*** Block opens ***

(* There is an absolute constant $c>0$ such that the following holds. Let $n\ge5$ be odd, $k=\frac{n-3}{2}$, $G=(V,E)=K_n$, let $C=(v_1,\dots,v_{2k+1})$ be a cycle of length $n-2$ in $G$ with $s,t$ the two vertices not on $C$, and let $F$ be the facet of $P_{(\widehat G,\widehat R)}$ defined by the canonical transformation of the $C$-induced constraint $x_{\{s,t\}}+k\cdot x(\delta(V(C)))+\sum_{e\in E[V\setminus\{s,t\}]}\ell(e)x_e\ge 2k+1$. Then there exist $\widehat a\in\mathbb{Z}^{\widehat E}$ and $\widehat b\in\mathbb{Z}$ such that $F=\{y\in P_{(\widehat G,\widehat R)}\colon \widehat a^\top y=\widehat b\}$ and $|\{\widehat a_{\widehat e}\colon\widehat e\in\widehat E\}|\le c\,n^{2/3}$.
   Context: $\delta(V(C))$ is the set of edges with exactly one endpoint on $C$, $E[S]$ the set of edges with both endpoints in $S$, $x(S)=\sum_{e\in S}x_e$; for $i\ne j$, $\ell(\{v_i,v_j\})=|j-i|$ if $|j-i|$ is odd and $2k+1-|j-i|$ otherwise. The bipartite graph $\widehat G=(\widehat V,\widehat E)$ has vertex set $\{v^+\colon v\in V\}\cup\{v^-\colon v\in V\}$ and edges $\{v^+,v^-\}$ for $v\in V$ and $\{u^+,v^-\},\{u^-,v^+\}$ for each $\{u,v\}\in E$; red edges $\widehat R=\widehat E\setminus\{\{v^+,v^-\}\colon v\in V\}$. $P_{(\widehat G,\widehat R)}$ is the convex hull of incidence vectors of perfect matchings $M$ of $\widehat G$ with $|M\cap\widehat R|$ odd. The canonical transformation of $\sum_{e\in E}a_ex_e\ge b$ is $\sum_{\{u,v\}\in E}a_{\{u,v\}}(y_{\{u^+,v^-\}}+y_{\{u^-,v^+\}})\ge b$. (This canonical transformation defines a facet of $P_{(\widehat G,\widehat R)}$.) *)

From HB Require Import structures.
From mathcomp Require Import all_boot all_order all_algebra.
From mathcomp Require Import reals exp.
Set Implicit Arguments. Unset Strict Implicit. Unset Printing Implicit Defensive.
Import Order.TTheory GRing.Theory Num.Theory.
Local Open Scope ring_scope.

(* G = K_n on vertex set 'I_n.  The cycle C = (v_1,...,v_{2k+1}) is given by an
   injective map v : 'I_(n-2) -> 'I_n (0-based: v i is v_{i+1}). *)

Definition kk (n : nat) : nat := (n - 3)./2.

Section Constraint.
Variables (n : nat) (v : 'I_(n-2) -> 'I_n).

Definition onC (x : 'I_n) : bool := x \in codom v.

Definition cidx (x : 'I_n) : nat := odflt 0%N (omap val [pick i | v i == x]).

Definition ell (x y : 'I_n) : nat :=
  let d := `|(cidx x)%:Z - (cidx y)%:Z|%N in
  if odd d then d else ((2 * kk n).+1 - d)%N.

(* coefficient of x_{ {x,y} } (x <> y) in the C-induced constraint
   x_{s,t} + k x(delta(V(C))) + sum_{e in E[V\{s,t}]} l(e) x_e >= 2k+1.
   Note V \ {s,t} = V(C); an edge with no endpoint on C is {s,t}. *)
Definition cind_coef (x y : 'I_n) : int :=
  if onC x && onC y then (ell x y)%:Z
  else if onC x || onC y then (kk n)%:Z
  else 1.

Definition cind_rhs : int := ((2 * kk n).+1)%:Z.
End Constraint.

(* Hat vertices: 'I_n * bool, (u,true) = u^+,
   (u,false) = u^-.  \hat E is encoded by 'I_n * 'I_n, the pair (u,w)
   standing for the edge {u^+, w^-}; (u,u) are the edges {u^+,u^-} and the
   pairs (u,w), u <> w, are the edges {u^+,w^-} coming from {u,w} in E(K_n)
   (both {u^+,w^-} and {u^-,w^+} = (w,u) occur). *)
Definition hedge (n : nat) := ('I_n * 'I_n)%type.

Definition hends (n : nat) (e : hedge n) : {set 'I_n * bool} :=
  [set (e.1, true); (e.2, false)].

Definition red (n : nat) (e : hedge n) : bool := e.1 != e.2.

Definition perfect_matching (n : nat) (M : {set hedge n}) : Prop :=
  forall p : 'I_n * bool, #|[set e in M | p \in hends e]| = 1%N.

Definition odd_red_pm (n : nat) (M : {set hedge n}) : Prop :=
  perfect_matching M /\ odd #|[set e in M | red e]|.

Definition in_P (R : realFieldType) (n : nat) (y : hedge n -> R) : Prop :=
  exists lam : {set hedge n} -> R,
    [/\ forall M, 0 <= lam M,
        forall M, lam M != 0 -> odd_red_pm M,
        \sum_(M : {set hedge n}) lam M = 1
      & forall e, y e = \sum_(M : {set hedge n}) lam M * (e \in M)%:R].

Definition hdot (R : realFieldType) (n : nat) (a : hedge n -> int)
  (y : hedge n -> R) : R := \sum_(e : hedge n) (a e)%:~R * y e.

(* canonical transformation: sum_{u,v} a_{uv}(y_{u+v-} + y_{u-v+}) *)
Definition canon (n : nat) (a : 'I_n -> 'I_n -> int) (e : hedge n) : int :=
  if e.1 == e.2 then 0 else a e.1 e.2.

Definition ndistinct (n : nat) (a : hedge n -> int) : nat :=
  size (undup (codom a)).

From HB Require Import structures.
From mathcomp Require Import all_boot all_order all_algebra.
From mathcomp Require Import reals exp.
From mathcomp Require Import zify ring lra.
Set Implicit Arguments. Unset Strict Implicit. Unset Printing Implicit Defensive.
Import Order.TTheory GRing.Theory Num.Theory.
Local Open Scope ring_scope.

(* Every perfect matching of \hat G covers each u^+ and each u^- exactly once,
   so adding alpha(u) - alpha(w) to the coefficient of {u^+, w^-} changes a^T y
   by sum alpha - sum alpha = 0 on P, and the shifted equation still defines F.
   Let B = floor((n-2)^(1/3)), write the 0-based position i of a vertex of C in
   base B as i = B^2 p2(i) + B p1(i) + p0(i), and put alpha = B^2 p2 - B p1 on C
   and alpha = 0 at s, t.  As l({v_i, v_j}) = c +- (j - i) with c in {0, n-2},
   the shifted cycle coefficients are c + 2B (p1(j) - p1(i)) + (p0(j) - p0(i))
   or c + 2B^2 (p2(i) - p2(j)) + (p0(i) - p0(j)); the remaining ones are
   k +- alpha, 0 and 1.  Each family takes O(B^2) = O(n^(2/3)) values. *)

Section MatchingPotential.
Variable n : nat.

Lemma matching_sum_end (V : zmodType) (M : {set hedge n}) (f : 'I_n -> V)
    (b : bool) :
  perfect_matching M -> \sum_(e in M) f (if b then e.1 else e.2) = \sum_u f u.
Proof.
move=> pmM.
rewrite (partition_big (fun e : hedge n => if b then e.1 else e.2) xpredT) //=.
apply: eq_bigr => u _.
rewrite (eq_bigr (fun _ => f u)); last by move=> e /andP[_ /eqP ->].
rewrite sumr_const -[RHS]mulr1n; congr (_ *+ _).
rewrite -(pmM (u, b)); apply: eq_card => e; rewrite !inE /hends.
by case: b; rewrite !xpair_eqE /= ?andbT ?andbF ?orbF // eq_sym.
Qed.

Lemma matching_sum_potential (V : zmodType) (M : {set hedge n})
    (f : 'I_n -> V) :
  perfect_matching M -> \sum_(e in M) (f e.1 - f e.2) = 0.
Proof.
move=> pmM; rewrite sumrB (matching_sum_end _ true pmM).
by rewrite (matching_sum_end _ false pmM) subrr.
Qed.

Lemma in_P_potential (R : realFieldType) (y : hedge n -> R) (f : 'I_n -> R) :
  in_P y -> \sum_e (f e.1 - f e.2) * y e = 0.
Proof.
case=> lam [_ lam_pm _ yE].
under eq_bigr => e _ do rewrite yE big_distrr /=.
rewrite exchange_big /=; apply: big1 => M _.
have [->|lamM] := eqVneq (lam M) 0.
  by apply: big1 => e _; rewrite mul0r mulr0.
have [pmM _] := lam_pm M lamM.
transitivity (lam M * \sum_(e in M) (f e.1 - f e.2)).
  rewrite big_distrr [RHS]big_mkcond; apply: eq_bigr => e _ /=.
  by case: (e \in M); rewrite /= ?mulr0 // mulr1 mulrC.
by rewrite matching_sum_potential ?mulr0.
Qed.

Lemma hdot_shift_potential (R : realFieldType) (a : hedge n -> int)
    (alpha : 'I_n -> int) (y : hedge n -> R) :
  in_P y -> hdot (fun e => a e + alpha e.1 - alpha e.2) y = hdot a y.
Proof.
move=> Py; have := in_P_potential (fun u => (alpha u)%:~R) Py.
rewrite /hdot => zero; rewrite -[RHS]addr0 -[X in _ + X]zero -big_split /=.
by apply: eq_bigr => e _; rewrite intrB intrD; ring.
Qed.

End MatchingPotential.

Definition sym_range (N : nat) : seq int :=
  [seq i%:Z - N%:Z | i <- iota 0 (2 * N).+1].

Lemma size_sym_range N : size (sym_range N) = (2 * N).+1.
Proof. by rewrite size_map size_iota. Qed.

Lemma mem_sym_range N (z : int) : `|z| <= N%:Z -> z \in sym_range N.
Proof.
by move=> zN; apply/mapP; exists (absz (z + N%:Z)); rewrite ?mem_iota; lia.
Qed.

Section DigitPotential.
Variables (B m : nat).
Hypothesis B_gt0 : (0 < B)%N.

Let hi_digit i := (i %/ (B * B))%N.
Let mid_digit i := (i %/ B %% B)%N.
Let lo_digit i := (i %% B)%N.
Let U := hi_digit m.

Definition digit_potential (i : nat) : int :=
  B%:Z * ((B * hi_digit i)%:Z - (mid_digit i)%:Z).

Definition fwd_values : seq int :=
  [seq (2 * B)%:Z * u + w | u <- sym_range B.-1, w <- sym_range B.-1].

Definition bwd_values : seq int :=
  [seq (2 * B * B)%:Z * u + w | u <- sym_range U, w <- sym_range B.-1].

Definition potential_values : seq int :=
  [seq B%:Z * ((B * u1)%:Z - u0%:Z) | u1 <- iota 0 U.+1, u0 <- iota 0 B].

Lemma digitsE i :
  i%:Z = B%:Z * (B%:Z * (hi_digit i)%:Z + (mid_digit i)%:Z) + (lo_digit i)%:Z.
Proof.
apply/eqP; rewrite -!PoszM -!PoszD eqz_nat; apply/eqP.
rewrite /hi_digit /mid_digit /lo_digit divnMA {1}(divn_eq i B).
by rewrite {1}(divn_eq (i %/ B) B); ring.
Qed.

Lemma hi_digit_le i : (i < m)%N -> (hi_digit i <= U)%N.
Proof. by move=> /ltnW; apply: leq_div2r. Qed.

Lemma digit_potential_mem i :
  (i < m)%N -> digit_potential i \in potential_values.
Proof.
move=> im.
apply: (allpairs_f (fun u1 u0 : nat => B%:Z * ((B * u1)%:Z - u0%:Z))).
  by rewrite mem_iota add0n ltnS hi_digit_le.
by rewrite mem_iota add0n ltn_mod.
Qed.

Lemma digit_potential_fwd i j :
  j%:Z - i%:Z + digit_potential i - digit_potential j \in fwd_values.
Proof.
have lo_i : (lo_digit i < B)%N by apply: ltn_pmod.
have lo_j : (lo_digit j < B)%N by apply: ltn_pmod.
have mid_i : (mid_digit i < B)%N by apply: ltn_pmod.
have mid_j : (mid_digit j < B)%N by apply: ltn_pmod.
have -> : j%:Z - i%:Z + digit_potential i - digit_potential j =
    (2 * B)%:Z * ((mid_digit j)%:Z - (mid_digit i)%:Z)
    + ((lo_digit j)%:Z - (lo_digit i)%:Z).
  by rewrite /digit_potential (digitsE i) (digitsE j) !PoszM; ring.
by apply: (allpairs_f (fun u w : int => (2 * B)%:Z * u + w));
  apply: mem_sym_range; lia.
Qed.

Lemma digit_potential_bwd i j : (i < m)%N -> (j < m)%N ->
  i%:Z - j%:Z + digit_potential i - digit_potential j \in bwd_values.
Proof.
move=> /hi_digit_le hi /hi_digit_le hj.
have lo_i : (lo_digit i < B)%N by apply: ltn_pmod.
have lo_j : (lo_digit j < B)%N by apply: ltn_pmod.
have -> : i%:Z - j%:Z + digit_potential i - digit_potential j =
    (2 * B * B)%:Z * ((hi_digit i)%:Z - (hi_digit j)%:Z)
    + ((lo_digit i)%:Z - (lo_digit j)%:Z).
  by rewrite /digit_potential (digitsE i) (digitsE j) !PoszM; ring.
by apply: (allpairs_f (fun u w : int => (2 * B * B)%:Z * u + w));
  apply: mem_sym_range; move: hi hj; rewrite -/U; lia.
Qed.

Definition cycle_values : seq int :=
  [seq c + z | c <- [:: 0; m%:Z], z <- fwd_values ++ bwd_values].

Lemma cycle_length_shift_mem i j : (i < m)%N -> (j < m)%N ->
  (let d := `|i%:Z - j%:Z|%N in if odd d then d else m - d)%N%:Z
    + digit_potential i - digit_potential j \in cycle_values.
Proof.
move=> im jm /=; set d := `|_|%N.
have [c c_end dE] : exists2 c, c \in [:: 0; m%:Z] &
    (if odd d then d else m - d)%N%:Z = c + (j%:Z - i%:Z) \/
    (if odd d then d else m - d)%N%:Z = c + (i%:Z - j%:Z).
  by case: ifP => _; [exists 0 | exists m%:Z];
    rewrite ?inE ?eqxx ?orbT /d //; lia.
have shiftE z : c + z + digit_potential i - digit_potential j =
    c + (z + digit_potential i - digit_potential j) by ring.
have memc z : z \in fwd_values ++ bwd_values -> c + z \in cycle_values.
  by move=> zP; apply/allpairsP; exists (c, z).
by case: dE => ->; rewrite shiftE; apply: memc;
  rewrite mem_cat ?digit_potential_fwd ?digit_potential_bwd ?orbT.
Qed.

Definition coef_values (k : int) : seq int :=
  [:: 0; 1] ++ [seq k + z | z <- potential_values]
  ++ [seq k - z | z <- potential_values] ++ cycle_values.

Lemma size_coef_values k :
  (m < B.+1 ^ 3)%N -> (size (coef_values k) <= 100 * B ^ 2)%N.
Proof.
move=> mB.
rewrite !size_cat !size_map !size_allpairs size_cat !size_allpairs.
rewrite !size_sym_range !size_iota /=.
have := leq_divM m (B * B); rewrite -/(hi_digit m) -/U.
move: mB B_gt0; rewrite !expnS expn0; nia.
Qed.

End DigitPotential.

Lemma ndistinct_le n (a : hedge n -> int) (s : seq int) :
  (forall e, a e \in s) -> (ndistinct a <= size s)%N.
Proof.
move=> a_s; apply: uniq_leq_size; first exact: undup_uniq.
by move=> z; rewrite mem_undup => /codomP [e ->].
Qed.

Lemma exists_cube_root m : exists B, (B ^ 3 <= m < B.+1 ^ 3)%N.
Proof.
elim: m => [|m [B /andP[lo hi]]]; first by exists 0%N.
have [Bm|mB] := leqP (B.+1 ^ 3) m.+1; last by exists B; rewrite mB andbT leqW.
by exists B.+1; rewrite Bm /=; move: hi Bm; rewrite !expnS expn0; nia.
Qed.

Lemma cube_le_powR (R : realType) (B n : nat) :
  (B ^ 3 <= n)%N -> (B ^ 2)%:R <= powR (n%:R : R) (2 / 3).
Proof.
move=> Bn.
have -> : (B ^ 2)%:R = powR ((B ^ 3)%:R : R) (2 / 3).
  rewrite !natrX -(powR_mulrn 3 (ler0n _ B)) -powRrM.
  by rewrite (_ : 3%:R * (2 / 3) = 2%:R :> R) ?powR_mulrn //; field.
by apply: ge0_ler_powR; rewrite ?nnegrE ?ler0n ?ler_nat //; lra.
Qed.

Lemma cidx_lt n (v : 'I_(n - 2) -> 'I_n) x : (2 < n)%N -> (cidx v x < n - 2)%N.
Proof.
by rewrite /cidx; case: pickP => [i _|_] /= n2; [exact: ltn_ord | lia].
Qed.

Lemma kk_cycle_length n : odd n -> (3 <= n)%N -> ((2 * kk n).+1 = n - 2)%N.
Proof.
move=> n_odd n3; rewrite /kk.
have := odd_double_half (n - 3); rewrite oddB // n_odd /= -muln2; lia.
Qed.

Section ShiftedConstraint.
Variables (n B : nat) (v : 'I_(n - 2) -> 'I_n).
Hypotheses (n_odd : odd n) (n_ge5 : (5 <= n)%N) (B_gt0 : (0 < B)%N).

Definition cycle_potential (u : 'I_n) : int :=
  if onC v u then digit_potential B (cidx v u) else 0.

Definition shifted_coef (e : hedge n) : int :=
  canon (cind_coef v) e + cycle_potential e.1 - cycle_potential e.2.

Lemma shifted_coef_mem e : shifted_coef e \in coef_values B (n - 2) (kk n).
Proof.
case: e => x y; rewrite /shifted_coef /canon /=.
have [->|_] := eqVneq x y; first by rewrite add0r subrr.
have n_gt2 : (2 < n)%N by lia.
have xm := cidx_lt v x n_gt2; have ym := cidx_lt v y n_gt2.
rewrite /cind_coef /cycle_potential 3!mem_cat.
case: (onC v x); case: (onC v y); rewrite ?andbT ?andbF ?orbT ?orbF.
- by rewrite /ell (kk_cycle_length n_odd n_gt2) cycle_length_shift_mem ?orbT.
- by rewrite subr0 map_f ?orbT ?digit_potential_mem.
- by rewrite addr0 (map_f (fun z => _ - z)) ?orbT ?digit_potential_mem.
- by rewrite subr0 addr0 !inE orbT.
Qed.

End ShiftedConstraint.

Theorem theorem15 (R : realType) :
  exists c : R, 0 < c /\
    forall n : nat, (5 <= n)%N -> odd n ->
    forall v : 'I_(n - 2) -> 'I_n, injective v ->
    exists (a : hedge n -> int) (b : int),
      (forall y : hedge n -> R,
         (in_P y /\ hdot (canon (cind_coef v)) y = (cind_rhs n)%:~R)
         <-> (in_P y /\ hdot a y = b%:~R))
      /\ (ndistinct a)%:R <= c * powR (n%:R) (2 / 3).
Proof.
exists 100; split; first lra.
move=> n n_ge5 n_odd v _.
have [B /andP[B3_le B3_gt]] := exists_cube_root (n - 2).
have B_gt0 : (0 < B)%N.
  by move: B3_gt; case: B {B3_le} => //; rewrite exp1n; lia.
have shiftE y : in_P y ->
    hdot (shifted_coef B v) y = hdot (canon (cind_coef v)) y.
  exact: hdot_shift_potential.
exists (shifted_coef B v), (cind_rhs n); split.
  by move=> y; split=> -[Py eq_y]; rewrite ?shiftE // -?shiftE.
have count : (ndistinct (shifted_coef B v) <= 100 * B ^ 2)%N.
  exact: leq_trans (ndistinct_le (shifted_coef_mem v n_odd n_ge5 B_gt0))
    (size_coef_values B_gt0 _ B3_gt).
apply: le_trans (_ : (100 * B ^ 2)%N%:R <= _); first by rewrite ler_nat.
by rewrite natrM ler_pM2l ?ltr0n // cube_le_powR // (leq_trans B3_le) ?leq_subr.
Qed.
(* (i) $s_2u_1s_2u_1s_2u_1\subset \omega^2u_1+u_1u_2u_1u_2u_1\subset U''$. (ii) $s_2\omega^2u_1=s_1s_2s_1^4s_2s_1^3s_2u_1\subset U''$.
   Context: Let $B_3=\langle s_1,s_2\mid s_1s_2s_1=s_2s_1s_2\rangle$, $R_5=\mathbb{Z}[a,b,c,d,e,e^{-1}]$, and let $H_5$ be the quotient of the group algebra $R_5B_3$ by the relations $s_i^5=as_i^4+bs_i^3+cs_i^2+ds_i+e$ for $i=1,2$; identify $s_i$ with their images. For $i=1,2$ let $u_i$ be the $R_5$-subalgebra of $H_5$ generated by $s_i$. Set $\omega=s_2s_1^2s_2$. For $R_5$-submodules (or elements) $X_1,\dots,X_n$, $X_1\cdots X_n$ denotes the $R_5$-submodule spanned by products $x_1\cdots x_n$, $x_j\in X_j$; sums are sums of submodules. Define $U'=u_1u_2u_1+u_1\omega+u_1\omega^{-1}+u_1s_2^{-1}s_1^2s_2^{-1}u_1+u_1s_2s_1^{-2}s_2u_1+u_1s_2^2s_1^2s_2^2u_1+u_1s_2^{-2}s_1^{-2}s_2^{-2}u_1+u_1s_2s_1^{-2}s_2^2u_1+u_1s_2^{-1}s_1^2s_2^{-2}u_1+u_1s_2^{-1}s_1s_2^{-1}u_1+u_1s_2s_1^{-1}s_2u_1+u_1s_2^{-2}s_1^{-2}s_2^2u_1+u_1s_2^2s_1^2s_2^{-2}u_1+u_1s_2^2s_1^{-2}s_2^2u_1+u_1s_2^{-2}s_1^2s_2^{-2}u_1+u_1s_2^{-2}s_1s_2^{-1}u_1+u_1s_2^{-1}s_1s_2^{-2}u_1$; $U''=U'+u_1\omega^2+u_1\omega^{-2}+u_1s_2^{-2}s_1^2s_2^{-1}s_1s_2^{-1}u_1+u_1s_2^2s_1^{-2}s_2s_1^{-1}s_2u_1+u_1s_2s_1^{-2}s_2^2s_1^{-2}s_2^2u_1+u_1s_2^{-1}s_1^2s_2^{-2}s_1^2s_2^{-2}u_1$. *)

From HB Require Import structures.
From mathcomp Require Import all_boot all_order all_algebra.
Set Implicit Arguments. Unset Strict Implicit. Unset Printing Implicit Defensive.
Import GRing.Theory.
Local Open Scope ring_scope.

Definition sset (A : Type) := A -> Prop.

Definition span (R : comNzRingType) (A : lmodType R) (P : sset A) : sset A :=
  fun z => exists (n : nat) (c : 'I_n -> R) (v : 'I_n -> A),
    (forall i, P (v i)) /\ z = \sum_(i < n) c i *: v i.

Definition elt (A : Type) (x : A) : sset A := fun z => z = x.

*** Block closes ***

» WHAT YOU WILL DO
Keeping every character as it is, restate the lines above that run from the line with "Lemma in_P_potential (R" through the line with "Definition fwd_values : seq", both included, and nothing else.

» RESPONSE TO THE TASK
Lemma in_P_potential (R : realFieldType) (y : hedge n -> R) (f : 'I_n -> R) :
  in_P y -> \sum_e (f e.1 - f e.2) * y e = 0.
Proof.
case=> lam [_ lam_pm _ yE].
under eq_bigr => e _ do rewrite yE big_distrr /=.
rewrite exchange_big /=; apply: big1 => M _.
have [->|lamM] := eqVneq (lam M) 0.
  by apply: big1 => e _; rewrite mul0r mulr0.
have [pmM _] := lam_pm M lamM.
transitivity (lam M * \sum_(e in M) (f e.1 - f e.2)).
  rewrite big_distrr [RHS]big_mkcond; apply: eq_bigr => e _ /=.
  by case: (e \in M); rewrite /= ?mulr0 // mulr1 mulrC.
by rewrite matching_sum_potential ?mulr0.
Qed.

Lemma hdot_shift_potential (R : realFieldType) (a : hedge n -> int)
    (alpha : 'I_n -> int) (y : hedge n -> R) :
  in_P y -> hdot (fun e => a e + alpha e.1 - alpha e.2) y = hdot a y.
Proof.
move=> Py; have := in_P_potential (fun u => (alpha u)%:~R) Py.
rewrite /hdot => zero; rewrite -[RHS]addr0 -[X in _ + X]zero -big_split /=.
by apply: eq_bigr => e _; rewrite intrB intrD; ring.
Qed.

End MatchingPotential.

Definition sym_range (N : nat) : seq int :=
  [seq i%:Z - N%:Z | i <- iota 0 (2 * N).+1].

Lemma size_sym_range N : size (sym_range N) = (2 * N).+1.
Proof. by rewrite size_map size_iota. Qed.

Lemma mem_sym_range N (z : int) : `|z| <= N%:Z -> z \in sym_range N.
Proof.
by move=> zN; apply/mapP; exists (absz (z + N%:Z)); rewrite ?mem_iota; lia.
Qed.

Section DigitPotential.
Variables (B m : nat).
Hypothesis B_gt0 : (0 < B)%N.

Let hi_digit i := (i %/ (B * B))%N.
Let mid_digit i := (i %/ B %% B)%N.
Let lo_digit i := (i %% B)%N.
Let U := hi_digit m.

Definition digit_potential (i : nat) : int :=
  B%:Z * ((B * hi_digit i)%:Z - (mid_digit i)%:Z).

Definition fwd_values : seq int :=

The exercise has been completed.